Den ersten Späher sah ich eine Stunde später auf dem Moorweg. Kurz darauf zeigten sich andere und ritten zu ihm. Ich vergewisserte mich, dass sie uns sechs auf der Treppe des Bürgermeisterhauses sahen.
»Wir kriegen Besuch«, sagte ich und deutete auf die Reiter.
»Scheißverdammt!« Bruder Elban spuckte auf seine Stiefel. Ich hatte Bruder Elban gewählt, weil er nach nicht viel aussah: ein alter grauer Strich in einem rostigen Kettenhemd. Er hatte weder Haar noch Zähne, aber trotzdem einen gewissen Biss. »Es sind keine Räuber. Seht euch die Ponys an.« Er lispelte ein wenig, weil ihm die Zähne fehlten.
»Wisst ihr, da könnte Elban Recht haben«, sagte ich und schenkte ihm ein Lächeln. »Ich würde sagen, sie sehen eher wie Haussoldaten aus.«
»Gott steh uns bei«, murmelte der alte Gomsty hinter mir.
Die Späher wichen zurück. Elban nahm seine Sachen und wollte zur Marktwiese, auf der die Pferde grasten.
»Das würde ich an deiner Stelle nicht tun, alter Mann«, sagte ich ruhig.

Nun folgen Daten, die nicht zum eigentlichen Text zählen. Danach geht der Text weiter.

(* Let $n \geq 3$. Then $$\max_{G} T_{\min}(G) = 2n-4 \qquad\text{and}\qquad \max_{G} T_{\max}(G) = \left\lfloor n^2/2 \right\rfloor - 1,$$ where both maxima range over all connected, undirected (simple) graphs $G$ on $n$ vertices.
   Context: Let $G=(V,E)$ be a connected undirected graph with $|V| = n$. An ordering is a bijection $\pi: V \to \{1,\dots,n\}$. For vertices $u,v$, let $d_G(u,v)$ denote the length (number of edges) of a shortest path from $u$ to $v$ in $G$. The communication time of ordering $\pi$ on $G$ is $$T(G,\pi) = \sum_{i=1}^{n-1} d_G\big(\pi^{-1}(i), \pi^{-1}(i+1)\big).$$ Define $T_{\min}(G) = \min_{\pi} T(G,\pi)$ and $T_{\max}(G) = \max_{\pi} T(G,\pi)$, the minimum and maximum over all orderings $\pi$. *)

From mathcomp Require Import all_boot all_fingroup.
Set Implicit Arguments. Unset Strict Implicit. Unset Printing Implicit Defensive.

Definition simple_graph (T : finType) (e : rel T) : Prop :=
  symmetric e /\ irreflexive e.

Definition connected_graph (T : finType) (e : rel T) : Prop :=
  forall u v : T, connect e u v.

Definition walk_of_length (T : finType) (e : rel T) (u v : T) (k : nat) : bool :=
  [exists p : k.-tuple T, path e u p && (last u p == v)].

(* In a graph on #|T| vertices any reachable vertex is at
   distance < #|T|, so minimizing over k < #|T| suffices; the default
   value #|T| is only returned for unreachable pairs (never the case in
   a connected graph). *)
Definition dist (T : finType) (e : rel T) (u v : T) : nat :=
  \big[minn/#|T|]_(k < #|T| | walk_of_length e u v k) k.

(* An ordering is given by a
   permutation s of the vertices: s i is the vertex in position i
   (so s = pi^-1). *)
Definition comm_time (T : finType) (e : rel T) (s : {perm T}) : nat :=
  let l := [seq s x | x <- enum T] in
  \sum_(p <- zip l (behead l)) dist e p.1 p.2.

Definition Tmax (T : finType) (e : rel T) : nat :=
  \max_(s : {perm T}) comm_time e s.

(* T_min(G): minimum over all orderings (the neutral element Tmax e
   is itself >= every communication time, so it does not affect the
   minimum over the nonempty set of permutations). *)
Definition Tmin (T : finType) (e : rel T) : nat :=
  \big[minn/Tmax e]_(s : {perm T}) comm_time e s.

From mathcomp Require Import all_boot all_order all_fingroup zify.
Set Implicit Arguments. Unset Strict Implicit. Unset Printing Implicit Defensive.
Import Order.TTheory.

Er drehte sich um, und ich sah die Furcht in seinen Augen. »Du willst mich doch nicht töten, Jorg, oder?« Den Namen sprach er noch undeutlicher aus als den Rest. Wahrscheinlich brauchte man Zähne, um »Jorg« mit der richtigen Schärfe auszusprechen.
»Nein, ich töte dich nicht.« Ich mochte Elban fast. Ohne guten Grund würde ich ihn nicht umbringen. »Wohin willst du fliehen, Elban?«
Er deutete über den Kamm hinweg. »Das ist der einzige Weg. Sonst bleibt man im Dickicht stecken. Oder schlimmer noch, man gerät in den Sumpf.«
»An deiner Stelle würde ich nicht über den Kamm reiten, Elban«, sagte ich. »Vertrau mir.«
Und das tat er. Obwohl er mir vielleicht nur vertraute, weil er mir nicht traute, wenn ihr versteht, was ich meine.

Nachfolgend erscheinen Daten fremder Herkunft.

(* There exists an aperiodic probability $F\in\mathbb{P}(\mathbb{Z}^+)$ with $\sum_{k\ge0}kF(k)=+\infty$ and $\lim_{\xi\to0}|\mathrm{Arg}(1-\widehat{F}(\xi))|=\pi/2$. Consequently there is no $\theta\in(0,\pi/2)$ such that $\phi_F(w)\in\mathbb{D}\cup\{1\}$ and $1-\phi_F(w)\in\overline{\Lambda}_\theta$ for all $w\in\overline{\mathbb{D}}$, and $F\notin\mathcal{A}$.
   Context: $\mathbb{P}(\mathbb{Z}^+)$ is the set of functions $F:\mathbb{Z}\to[0,1]$ with $\sum F=1$ and $F(k)=0$ for $k<0$. $F$ is adapted if $\mathrm{supp}(F)$ generates the group $\mathbb{Z}$, aperiodic if every translate $\delta_m*F$ ($m\in\mathbb{Z}$) is adapted. $\widehat{F}(\xi)=\sum_kF(k)e^{-ik\xi}$, $\phi_F(w)=\sum_{k\ge0}F(k)w^k$ for $w\in\overline{\mathbb{D}}=\{|w|\le1\}$, $\mathbb{D}=\{|w|<1\}$, $\mathrm{Arg}$ is the principal argument, $\overline{\Lambda}_\theta=\{0\}\cup\{z:|\mathrm{Arg}\,z|\le\theta\}$. $\mathcal{A}=\{F\in\mathbb{P}(\mathbb{Z}^+):\sup_{n\in\mathbb{N}}n\sum_k|F^{(n)}(k)-F^{(n+1)}(k)|<\infty\}$, $F^{(n)}$ the $n$-th convolution power. *)

From Stdlib Require Import Reals ZArith List.
From Coquelicot Require Import Coquelicot.
Open Scope R_scope.

(* F ∈ P(Z^+): values in [0,1], vanishing on negative integers, total mass 1.
   Since F vanishes on negative integers, sum over Z = sum over k >= 0. *)
Definition in_PZplus (F : Z -> R) : Prop :=
  (forall k, 0 <= F k <= 1) /\
  (forall k, (k < 0)%Z -> F k = 0) /\
  is_series (fun n : nat => F (Z.of_nat n)) 1.

Definition supp (F : Z -> R) (k : Z) : Prop := F k <> 0.

Definition generates_Z (S : Z -> Prop) : Prop :=
  forall n : Z, exists l : list (Z * Z),
    List.Forall (fun p => S (fst p)) l /\
    n = fold_right (fun p acc => (snd p * fst p + acc)%Z) 0%Z l.

Definition adapted (F : Z -> R) : Prop := generates_Z (supp F).

(* delta_m * F is the translate k |-> F (k - m). *)
Definition translate (m : Z) (F : Z -> R) : Z -> R := fun k => F (k - m)%Z.

Definition aperiodic (F : Z -> R) : Prop :=
  forall m : Z, adapted (translate m F).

Wir standen da und warteten. Zuerst sahen wir die Hauptkolonne auf dem Moorweg, und dann, nur Momente später, kamen Soldaten über den Kamm. Zwei Dutzend waren es, Haussoldaten, mit Speeren und Schilden, und über ihnen wehten die Farben von Graf Renar. Die Hauptkolonne bestand aus etwa sechzig Mann, und ihr folgten eine Schar von mehr als hundert Gefangenen, an den Hälsen aneinander gefesselt. Ein halbes Dutzend Karren bildete den Abschluss. Die mit den Planen transportierten vermutlich Proviant. Auf den anderen lagen Leichen, gestapelt wie Klafterholz.
»Das Haus Renar lässt keine unverbrannten Toten zurück«, sagte ich. »Es macht keine Gefangenen.«
»Ich verstehe nicht«, sagte Pater Gomst. Bei ihm war die Angst Dummheit gewichen.

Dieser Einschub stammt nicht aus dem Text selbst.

(* Let $f:\mathbb{R}^n\to\mathbb{R}$ be a continuously differentiable convex function. Let $H$ be a diagonal matrix with nonnegative diagonal entries such that $f(y)\le f(x)+\nabla f(x)^T(y-x)+\tfrac12\|y-x\|_H^2$ for all $x,y\in\mathbb{R}^n$, and let $D$ be a diagonal matrix with $D\succ H$. Let $(x_k)$ be a sequence generated by the IWHT method with $D$, and assume $(x_k)$ has a limit point $\bar x$. Then the entire sequence $(x_k)$ converges to $\bar x$.
   Context: $\|z\|_A^2=z^TAz$. $C_s=\{x\in\mathbb{R}^n:\|x\|_0\le s\}$ for a positive integer $s$, where $\|x\|_0$ is the number of nonzero entries. $\mathcal{P}_{C_s}(z)=\operatorname{argmin}_{y\in C_s}\|y-z\|_2^2$ (set-valued). IWHT with diagonal $D\succ0$: start from $x_0\in C_s$; for $k\ge0$ pick $y_{k+1}\in\mathcal{P}_{C_s}\big(D^{1/2}x_k-D^{-1/2}\nabla f(x_k)\big)$ and set $x_{k+1}=D^{-1/2}y_{k+1}$. *)

From HB Require Import structures.
From mathcomp Require Import all_boot all_order all_algebra.
From mathcomp Require Import all_classical all_reals all_analysis.
Set Implicit Arguments. Unset Strict Implicit. Unset Printing Implicit Defensive.
Import Order.TTheory GRing.Theory Num.Theory.
Import numFieldNormedType.Exports.
Local Open Scope ring_scope.
Local Open Scope classical_set_scope.

Section Defs.
Variables (R : realType) (n : nat).

Definition basisv (i : 'I_n) : 'rV[R]_n := delta_mx 0 i.

Definition grad (f : 'rV[R]_n -> R) (x : 'rV[R]_n) : 'rV[R]_n :=
  \row_i ('D_(basisv i) f x).

Definition C1 (f : 'rV[R]_n -> R) : Prop :=
  (forall x, differentiable f x) /\ continuous (grad f).

Definition convex_fun (f : 'rV[R]_n -> R) : Prop :=
  forall (x y : 'rV[R]_n) (t : R), 0 <= t <= 1 ->
    f (t *: x + (1 - t) *: y) <= t * f x + (1 - t) * f y.

Definition dotv (u v : 'rV[R]_n) : R := (u *m v^T) 0 0.

Definition qnorm2 (A : 'M[R]_n) (z : 'rV[R]_n) : R := (z *m A *m z^T) 0 0.

Definition posdef (A : 'M[R]_n) : Prop :=
  forall z : 'rV[R]_n, z != 0 -> 0 < qnorm2 A z.

Definition l0norm (x : 'rV[R]_n) : nat := #|[set i | x 0 i != 0]|.

Definition Cs (s : nat) (x : 'rV[R]_n) : Prop := (l0norm x <= s)%N.

Definition sqn (z : 'rV[R]_n) : R := \sum_i (z 0 i) ^+ 2.

(* set-valued projection onto C_s: y \in P_{C_s}(z) *)
Definition proj_Cs (s : nat) (z y : 'rV[R]_n) : Prop :=
  Cs s y /\ forall y', Cs s y' -> sqn (y - z) <= sqn (y' - z).

Definition diag_sqrt (D : 'M[R]_n) : 'M[R]_n :=
  diag_mx (\row_i Num.sqrt (D i i)).
Definition diag_invsqrt (D : 'M[R]_n) : 'M[R]_n :=
  diag_mx (\row_i (Num.sqrt (D i i))^-1).

(* x is a sequence generated by IWHT with D (row-vector convention: M z := z *m M,
   which agrees since all matrices involved are diagonal, hence symmetric) *)
Definition IWHT_seq (f : 'rV[R]_n -> R) (s : nat) (D : 'M[R]_n)
    (x : nat -> 'rV[R]_n) : Prop :=
  Cs s (x 0%N) /\
  forall k, exists y : 'rV[R]_n,
    proj_Cs s (x k *m diag_sqrt D - grad f (x k) *m diag_invsqrt D) y /\
    x k.+1 = y *m diag_invsqrt D.

Definition seq_cvg_to (x : nat -> 'rV[R]_n) (l : 'rV[R]_n) : Prop :=
  x @ \oo --> l.

Definition seq_limit_point (x : nat -> 'rV[R]_n) (xbar : 'rV[R]_n) : Prop :=
  exists phi : nat -> nat, (forall k, (phi k < phi k.+1)%N) /\
    seq_cvg_to (x \o phi) xbar.

End Defs.

From HB Require Import structures.
From mathcomp Require Import all_boot all_order all_algebra.
From mathcomp Require Import all_classical all_reals all_analysis.
From mathcomp Require Import ring lra.
Import Order.TTheory GRing.Theory Num.Theory.
Import numFieldNormedType.Exports.
Local Open Scope ring_scope.
Local Open Scope classical_set_scope.

Set Implicit Arguments.
Unset Strict Implicit.
Unset Printing Implicit Defensive.

(** The IWHT step is a coordinatewise scaled gradient step restricted to a
    support of size at most [s]; with [D > H] it decreases [f] by
    [||x_{k+1} - x_k||^2_{D-H} / 2], so [f(x_k)] decreases to [f(xbar)] and the
    steps vanish.  Once [x_k] is close to [xbar] in [||.||_D] and the steps are
    small, [x_{k+1}] keeps every nonzero coordinate of [xbar]; on that common
    support the step is an exact scaled gradient step, and convexity gives the
    Fejer inequality [||x_{k+1} - xbar||_D <= ||x_k - xbar||_D].  Hence, once
    the subsequence enters this neighbourhood, the whole sequence is trapped in
    it and [||x_k - xbar||_D] decreases to the value [0] of its subsequential
    limit. *)

Section RealSequences.
Variable R : realType.
Implicit Types (a : R ^nat) (phi : nat -> nat).

Lemma strict_incr_ge phi : (forall k, (phi k < phi k.+1)%N) ->
  forall k, (k <= phi k)%N.
Proof. by move=> phiS; elim=> // k IH; exact: leq_ltn_trans IH (phiS k). Qed.

Lemma nonincreasing_subseq_ge a phi l :
  (forall k, a k.+1 <= a k) -> (forall k, (phi k < phi k.+1)%N) ->
  (a \o phi) @ \oo --> l -> forall k, l <= a k.
Proof.
move=> aS phiS aphi k; apply: (cvgr_to_le aphi); exists k => // j /= kj.
have {}kj : (k <= phi j)%N := leq_trans kj (strict_incr_ge phiS j).
rewrite -(subnK kj); elim: (phi j - k)%N => // m IH.
exact: le_trans (aS _) IH.
Qed.

(* Once a term of the subsequence is within [ep] of [l], no later term exceeds it. *)
Lemma cvg_trapped_subseq a phi l ep :
  (forall k, (phi k < phi k.+1)%N) -> (a \o phi) @ \oo --> l ->
  (forall k, l <= a k) -> 0 < ep ->
  (\forall k \near \oo, a k - l < ep -> a k.+1 <= a k) ->
  a @ \oo --> l.
Proof.
move=> phiS aphi la ep0 [N _ aS]; apply/cvgrPdist_lt => e e0.
have dist_l k : `|l - a k| = a k - l by rewrite distrC ger0_norm ?subr_ge0.
have r0 : 0 < Num.min e ep by rewrite lt_min e0 ep0.
have [M _ near_l] := (cvgrPdist_lt _ _).1 aphi _ r0.
pose k0 := phi (maxn M N).
have Nk0 : (N <= k0)%N := leq_trans (leq_maxr M N) (strict_incr_ge phiS _).
have /andP[ak0e ak0ep] : (a k0 - l < e) && (a k0 - l < ep).
  by rewrite -lt_min -dist_l; apply: near_l; rewrite /= leq_maxl.
have trapped m : a (m + k0)%N <= a k0.
  elim: m => // m IH; apply: le_trans (IH); rewrite addSn.
  apply: aS; first by rewrite /= (leq_trans Nk0) ?leq_addl.
  by apply: le_lt_trans ak0ep; rewrite lerD2r.
near=> k; have k0k : (k0 <= k)%N by near: k; exists k0.
by rewrite dist_l; apply: le_lt_trans ak0e; rewrite lerD2r -(subnK k0k).
Unshelve. all: by end_near.
Qed.

End RealSequences.

Section QuadraticForms.
Variables (R : realType) (n : nat).
Implicit Types (d : 'I_n -> R) (u v z : 'rV[R]_n).

Definition wnorm2 d u : R := \sum_i d i * u 0 i ^+ 2.

Lemma row_entryB u v i : (u - v) 0 i = u 0 i - v 0 i.
Proof. by rewrite !mxE. Qed.

Lemma dotvE u v : dotv u v = \sum_i u 0 i * v 0 i.
Proof. by rewrite /dotv mxE; apply: eq_bigr => i _; rewrite mxE. Qed.

Lemma dotvBr u v w : dotv u (v - w) = dotv u v - dotv u w.
Proof. by rewrite !dotvE -sumrB; apply: eq_bigr => i _; rewrite !mxE mulrBr. Qed.

Lemma qnorm2_diag (A : 'M[R]_n) z : is_diag_mx A ->
  qnorm2 A z = wnorm2 (fun i => A i i) z.
Proof.
move=> /is_diag_mxP dA; rewrite /qnorm2 mxE; apply: eq_bigr => i _.
rewrite !mxE (bigD1 i) //= big1 ?addr0 => [|j ji]; first by rewrite expr2; ring.
by rewrite dA ?mulr0.
Qed.

Lemma qnorm2_basisv (A : 'M[R]_n) i : qnorm2 A (@basisv R n i) = A i i.
Proof. by rewrite /qnorm2 /basisv -rowE trmx_delta -colE !mxE. Qed.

Ich zeigte auf die Bäume. »Brennstoff. Wir sind hier am Rand des Sumpfes. In den Mooren gibt es meilenweit keine Bäume. Sie wollen ein großes Feuer, und deshalb bringen sie alle hierher, um sie auf dem Scheiterhaufen zu verbrennen.«
Renars Verhalten konnte ich erklären, aber mein eigenes verstand ich vielleicht nicht viel besser als Pater Gomst. Welche Kraft auch immer ich auf der Straße hatte, ich bekam sie durch Opferbereitschaft. Ich erhielt sie an jenem Tag, als ich die Rache an Graf Renar als etwas beiseite schob, das nichts einbrachte. Und doch stand ich nun hier, in den Ruinen von Norwood, mit einem Durst, den ich selbst mit noch so viel Festtagsbier nicht löschen konnte. Ich stand hier und wartete auf eben jenen Grafen. Ich wartete zusammen mit einigen wenigen Männern und hörte die Stimme meiner Instinkte, die mich zur Flucht aufforderte. Alle meine Instinkte riefen mit jener Stimme, bis auf den einen, der bleiben oder brechen wollte. Bleiben oder brechen, auf keinen Fall biegen oder beugen.
Inzwischen konnte ich an der Spitze der Kolonne deutlich einzelne Personen erkennen. Sechs Reiter in Kettenhemden, und ein Ritter in schwerer Rüstung. Das Wappen auf seinem Schild wurde sichtbar, als er sich drehte und seiner Truppe Anweisungen gab. Eine schwarze Krähe auf rotem Grund, dazu Flammen. Graf Osson Renar würde nicht Hundert seiner Soldaten in ein Protektorat von Ankrath führen; dies musste einer seiner Jungs sein, Marclos oder Jarco.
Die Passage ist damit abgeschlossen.